So indirection is following the AMD64 ABI where the caller passes pointer sized arguments directly in registers: https://en.wikipedia.org/wiki/X86_calling_conventions#System_V_AMD64_ABI

The calling convention is followed on Linux, macOS. The first six integer or pointer arguments are passed in registers RDI, RSI, RDX, RCX, R8, R9

So... the caller puts the first argument to indirection inside %rdi. indirection doesn't do any cleanup of %rdi but simply de-references it and jumps to it.

You see where this is going: in indirections case, the first argument is a function pointer, and so will point to the code segment. indirection leaves %rdi as the function pointer, and then the Foo() constructor tries to write 0 to the address in %rdi, which blows up.

Here's how main() invokes indirection:

0x5555555551a0 <main()+36>      lea    -0x5e(%rip),%rdi        # 0x555555555149 <my_func()>
0x5555555551a7 <main()+43>      callq  0x555555555167 <indirection(void (*)())>

That's basically what the paragraph above said, we load the an offset from the current instruction pointer into %rdi and then call indirection. That means %rdi is guaranteed to point to the non-writable code segment.

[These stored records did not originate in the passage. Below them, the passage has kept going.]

Lemma ebitE (e : {set V}) c w : c \notin dirs e -> w \in e -> ebit e c = w c.
Proof.
move=> cNe we; apply/existsP/idP => [[w' /andP [w'e w'c]]|wc].
  apply/negPn/negP => wNc; case/negP: cNe; rewrite inE; apply/existsP.
  by exists w; rewrite we; apply/existsP; exists w'; rewrite w'e w'c (negbTE wNc).
by exists w; rewrite we.
Qed.

Definition swap (c c' : 'I_n) (b : bool) : {perm V} :=
  haffp (tperm c c') [ffun d => ((d == c) || (d == c')) && b].

Lemma swap_fixE c c' b (x : V) :
  c != c' -> (swap c c' b x == x) = (x c (+) x c' == b).
Proof.
move=> cc'; rewrite haffpE; apply/eqP/eqP => [/ffunP /(_ c)|xb].
  by rewrite !ffunE tpermL eqxx /= => <-; case: (x c') b => [] [].
apply/ffunP => d; rewrite !ffunE; case: (tpermP c c' d) => [->|->|/eqP dc /eqP dc'].
- by rewrite eqxx /= -xb; case: (x c) (x c') => [] [].
- by rewrite eqxx orbT /= -xb; case: (x c) (x c') => [] [].
- by rewrite (negbTE dc) (negbTE dc') addbF.
Qed.

Lemma notin_edge_dirs (T : {set {set V}}) e c :
  c \notin edge_dirs T -> e \in T -> c \notin dirs e.
Proof. by move=> cNT eT; apply: contra cNT => ce; apply/bigcupP; exists e. Qed.

Definition signature (T : {set {set V}}) e0 c :=
  [set e in T :\ e0 | ebit e c != ebit e0 c].

Lemma signature_inj (T : {set {set V}}) e0 :
  edge_determining T -> {in ~: edge_dirs T &, injective (signature T e0)}.
Proof.
move=> [_ Tdet] c c'; rewrite !inE => cNT c'NT Ecc'; case: (eqVneq c c') => // cc'.
pose b := ebit e0 c (+) ebit e0 c'.
have ebitT e : e \in T -> ebit e c (+) ebit e c' = b.
  move=> eT; have [->//|ee0] := eqVneq e e0.
  have /setP/(_ e) := Ecc'; rewrite !inE ee0 eT /= /b.
  by case: (ebit e c) (ebit e c') (ebit e0 c) (ebit e0 c') => [] [] [] [].
have swap1 : swap c c' b = 1%g.
  apply: Tdet => [|e eT]; first exact: haffp_auto.
  rewrite -[RHS]imset_id; apply: eq_in_imset => w we; apply/eqP.
  rewrite swap_fixE // -(ebitT e eT).
  by rewrite (ebitE (notin_edge_dirs cNT eT) we) (ebitE (notin_edge_dirs c'NT eT) we).
pose x : V := [ffun d => (d == c) && ~~ b].
have := swap_fixE b x cc'.
rewrite swap1 perm1 eqxx !ffunE eqxx (eq_sym c' c) (negbTE cc').
by case: (b).
Qed.

Lemma edge_determining_lower (T : {set {set V}}) : 0 < n -> edge_determining T ->
  2 <= #|T| /\ n - #|T| <= 2 ^ #|T|.-1.
Proof.
move=> n_gt0 Tdet; have dirsT := card_edge_dirs Tdet.1.
have dirs_gt1 := edge_determining_dirs n_gt0 Tdet.
split; first lia.
have /card_gt0P [e0 e0T] : 0 < #|T| by lia.
have : #|~: edge_dirs T| <= 2 ^ #|T|.-1.
  rewrite -(card_in_imset (signature_inj (e0 := e0) Tdet)).
  rewrite (cardsD1 e0 T) e0T -card_powerset.
  apply: subset_leq_card; apply/subsetP => _ /imsetP [c _ ->].
  by rewrite powersetE; apply/subsetP => e; rewrite inE => /andP [].
rewrite cardsCs setCK card_ord; lia.
Qed.

End LowerBound.

Fixpoint bit (i m : nat) : bool := if i is i'.+1 then bit i' m./2 else odd m.

Lemma bit_inj b m m' : m < 2 ^ b -> m' < 2 ^ b ->
  (forall i, i < b -> bit i m = bit i m') -> m = m'.
Proof.
elim: b m m' => [|b IH] m m'; first by rewrite expn0; case: m; case: m'.
rewrite expnS mul2n -!ltn_half_double => hm hm' Ebit.
have Ehalf : m./2 = m'./2 by apply: IH => // i ib; exact: (Ebit i.+1).
by rewrite -(odd_double_half m) -(odd_double_half m') Ehalf; have /= -> := Ebit 0 isT.
Qed.

Section UpperBound.
Variables n k : nat.
Hypotheses (k_ge2 : 2 <= k) (k_le_n : k <= n) (n_le : n - k <= 2 ^ k.-1).
Local Notation V := (hvert n).

Definition base_vertex (j : nat) : V :=
  [ffun c : 'I_n => (k <= c) && (j != 0) && bit j.-1 (c - k)].

Definition base_edge (j : 'I_n) : {set V} := [set base_vertex j; flip j (base_vertex j)].

Definition base_edges : {set {set V}} := [set base_edge (widen_ord k_le_n j) | j : 'I_k].

Section FixingAffine.
Variables (s : {perm 'I_n}) (a : V).
Hypothesis fix_edges : forall j : 'I_n, j < k -> haffp s a @: base_edge j = base_edge j.

Lemma fix_low_perm (c : 'I_n) : c < k -> s c = c.
Proof. by move=> ck; have [] := haffp_fix_edge (fix_edges ck). Qed.

Lemma fix_base_vertex (j c : 'I_n) :
  j < k -> c != j -> base_vertex j (s c) (+) a c = base_vertex j c.
Proof. by move=> jk; have [_] := haffp_fix_edge (fix_edges jk); apply. Qed.

Lemma fix_low_shift (c : 'I_n) : c < k -> a c = false.
Proof.
move=> ck; have [j [jk cj]] : exists j : 'I_n, j < k /\ c != j.
  have [c0|c_gt0] := posnP c; [exists (Ordinal (leq_trans k_ge2 k_le_n))
                              | exists (Ordinal (leq_trans (ltnW k_ge2) k_le_n))];
    by split => /=; [lia | apply/eqP => /(congr1 val) /=; lia].
have := fix_base_vertex jk cj; rewrite fix_low_perm // !ffunE leqNgt ck /=.
by case: (a c).
Qed.

Lemma fix_high_shift (c : 'I_n) : k <= c -> a c = false.
Proof.
move=> kc; pose j0 := Ordinal (leq_trans (ltnW k_ge2) k_le_n).
have cj0 : c != j0 by apply/eqP => /(congr1 val) /=; lia.
have := fix_base_vertex (ltnW k_ge2 : j0 < k) cj0; rewrite !ffunE !andbF.
by case: (a c).
Qed.

Lemma fix_high_perm (c : 'I_n) : k <= c -> s c = c.
Proof.
move=> kc; have ksc : k <= s c.
  rewrite leqNgt; apply/negP => sck.
  by have := fix_low_perm sck => /perm_inj Ec; move: kc; rewrite -Ec; lia.
apply: val_inj => /=; suff : s c - k = c - k by lia.
apply: (@bit_inj k.-1); [have := ltn_ord (s c); lia | have := ltn_ord c; lia |].
move=> i ik; have ij : i.+1 < n by lia.
have cj : c != Ordinal ij by apply/eqP => /(congr1 val) /=; lia.
have := fix_base_vertex (ltac:(simpl; lia) : Ordinal ij < k) cj.
by rewrite !ffunE fix_high_shift // addbF /= ksc kc.
Qed.

Lemma fix_base_edges_id : haffp s a = 1%g.
Proof.
apply/permP => x; rewrite perm1 haffpE; apply/ffunP => c; rewrite ffunE.
have [ck|kc] := ltnP c k; first by rewrite fix_low_perm // fix_low_shift // addbF.
by rewrite fix_high_perm // fix_high_shift // addbF.
Qed.

End FixingAffine.

Lemma base_edges_determining : edge_determining base_edges.
Proof.
split; first by apply/subsetP => _ /imsetP [j _ ->]; exact: edge_in_hedges.
move=> phi /hauto_affine [s [a ->]] fixT; apply: fix_base_edges_id => j jk.
by apply: fixT; apply/imsetP; exists (Ordinal jk).
Qed.

Lemma card_base_edges : #|base_edges| = k.
Proof.
rewrite card_imset ?card_ord // => i j /(congr1 (@dirs n)).
by rewrite /base_edge !dirs_edge => /set1_inj /(congr1 val) /= /val_inj.
Qed.

End UpperBound.

Section Threshold.
Variable n : nat.
Hypothesis n_ge3 : 3 <= n.
Local Notation L := (up_log 2 n).
Local Notation K := (if 2 ^ L.-1 < n - L then L.+1 else L).

Lemma up_log2_range : [/\ 2 ^ L.-1 < n, n <= 2 ^ L, 2 <= L,
  L.-1 <= 2 ^ L.-2 & 2 ^ L.-1 = 2 * 2 ^ L.-2].
Proof.
have lt_n : 2 ^ L.-1 < n by apply: up_log_gtn; lia.
have le_n : n <= 2 ^ L by apply: up_logP.
have L_ge2 : 2 <= L by case: L lt_n le_n => [|[|l]] //=; lia.
split => //; first by have := ltn_expl L.-2 (isT : 1 < 2); lia.
by rewrite -expnS; congr (2 ^ _); lia.
Qed.

Lemma threshold_feasible : [/\ 2 <= K, K <= n & n - K <= 2 ^ K.-1].
Proof.
have [lt_n le_n L_ge2 L_le E2] := up_log2_range.
by case: ifP => /=; split; lia.
Qed.

Lemma threshold_minimal k : 2 <= k -> k < K -> 2 ^ k.-1 < n - k.
Proof.
have [lt_n _ L_ge2 L_le E2] := up_log2_range.
move=> k_ge2; have [kL _|kL] := ltnP k L.
  have : 2 ^ k.-1 <= 2 ^ L.-2 by rewrite leq_exp2l //; lia.
  lia.
by case: ifP => ? kK; [have -> : k = L by lia | lia].
Qed.

End Threshold.

Theorem theorem11 (n : nat) : 3 <= n ->
  det_index n (if 2 ^ (up_log 2 n).-1 < n - up_log 2 n
               then (up_log 2 n).+1 else up_log 2 n).
Proof.
move=> n_ge3; have [K_ge2 K_le_n K_bound] := threshold_feasible n_ge3.
split.
  exists (base_edges K_le_n); split; last exact: card_base_edges.
  exact: base_edges_determining K_ge2 K_le_n K_bound.
have n_gt0 : 0 < n by lia.
move=> T /(edge_determining_lower n_gt0) [T_ge2 T_bound].
by rewrite leqNgt; apply/negP => /(threshold_minimal n_ge3 T_ge2); lia.
Qed.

So, this is NOT about stack smashing! This is simply Foo() writing to whatever pointer is in %rdi, and indirection using %rdi as its first argument.

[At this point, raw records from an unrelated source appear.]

Lemma pd_alpha_p k : pd i (alpha_p M O x y k.+1) th =
  pd i (Tbar M) th *m alpha_f M O x y k th + Tbar M th *m pd i (alpha_f M O x y k) th
  + pd i (Bbar M) th *m x k + pd i (mS M) th *m invmx (mH M th) *m y k
  - mS M th *m invmx (mH M th) *m pd i (mH M) th *m invmx (mH M th) *m y k.
Proof.
rewrite /pd /alpha_p derive_val /= !mulmx0 !addr0 mulmxN mulmxDl mulNmx !mulmxA.
by rewrite !addrA.
Qed.

Lemma pd_innov_bar k : pd i (innov_bar M O x y k.+1) th =
  - (invmx (URe O k.+1 th) *m pd i (URe O k.+1) th *m invmx (URe O k.+1 th)
     *m innov M O x y k.+1 th)
  - invmx (URe O k.+1 th) *m (pd i (mZ M) th *m alpha_p M O x y k.+1 th
     + mZ M th *m pd i (alpha_p M O x y k.+1) th + pd i (mbeta M) th *m x k.+1).
Proof.
by rewrite /pd /innov_bar /innov derive_val mulmx0 addr0 sub0r -opprD mulmxN mulNmx.
Qed.

Lemma pd_alpha_f k : pd i (alpha_f M O x y k.+1) th = pd i (alpha_p M O x y k.+1) th
  + pd i (Ku O k.+1) th *m innov_bar M O x y k.+1 th
  + Ku O k.+1 th *m pd i (innov_bar M O x y k.+1) th.
Proof.
have -> : alpha_f M O x y k.+1 =
    (fun t => alpha_p M O x y k.+1 t + Ku O k.+1 t *m innov_bar M O x y k.+1 t) by [].
by rewrite /pd derive_val addrA.
Qed.

Lemma time_update_sensitivity k :
  diffUD (Wt O k.+1 th) (UPp O k.+1 th) (DPp O k.+1 th) (timeDA F O k.+1 th)
    (row_mx (pd i (Tbar M) th *m UPf O k th + Tbar M th *m pd i (UPf O k) th)
            (pd i (UQb F) th))^T
    (block_mx (pd i (DPf O k) th) 0 0 (pd i (DQb F) th))
  = (pd i (UPp O k.+1) th, pd i (DPp O k.+1) th).
Proof.
have -> : block_mx (pd i (DPf O k) th) 0 0 (pd i (DQb F) th) = pd i (timeDA F O k.+1) th.
  by rewrite /pd /timeDA [RHS]derive_val.
have -> : (row_mx (pd i (Tbar M) th *m UPf O k th + Tbar M th *m pd i (UPf O k) th)
    (pd i (UQb F) th))^T = pd i (timeA M F O k.+1) th.
  by rewrite /pd /timeA [RHS]derive_val.
apply: diffUD_derive_mwgs => [t|||||]; first exact: time_mwgs.
all: try exact: diff_derivable.
- by rewrite /timeA; exact: ex_derive.
- by rewrite /timeDA; exact: ex_derive.
Qed.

To prove this, here's a slight tweak to the code that puts a writable pointer as the first argument of indirection:

#include <cstdio>

using void_return_func_ptr_no_args = void (*)();

struct Foo {
    float x;
    Foo() { x = 0; } // if you comment this out, it runs
    ~Foo() {} // and also, if you comment this out, it runs
};

Foo my_func() { return {}; }
void indirection(float *y, void_return_func_ptr_no_args callback) { callback(); }

int main() {
    float z = 1000;
    ::std::printf("%f\n", z);
    indirection(&z, void_return_func_ptr_no_args(&my_func)); // no boom!
    ::std::printf("%f\n", z);
    return 0;
}

This allocates a float z in main and then passes it as the first argument of indirection. When Foo() gets called, it grabs the first argument of indirection through the stack frame (&z) and assigns 0 to it.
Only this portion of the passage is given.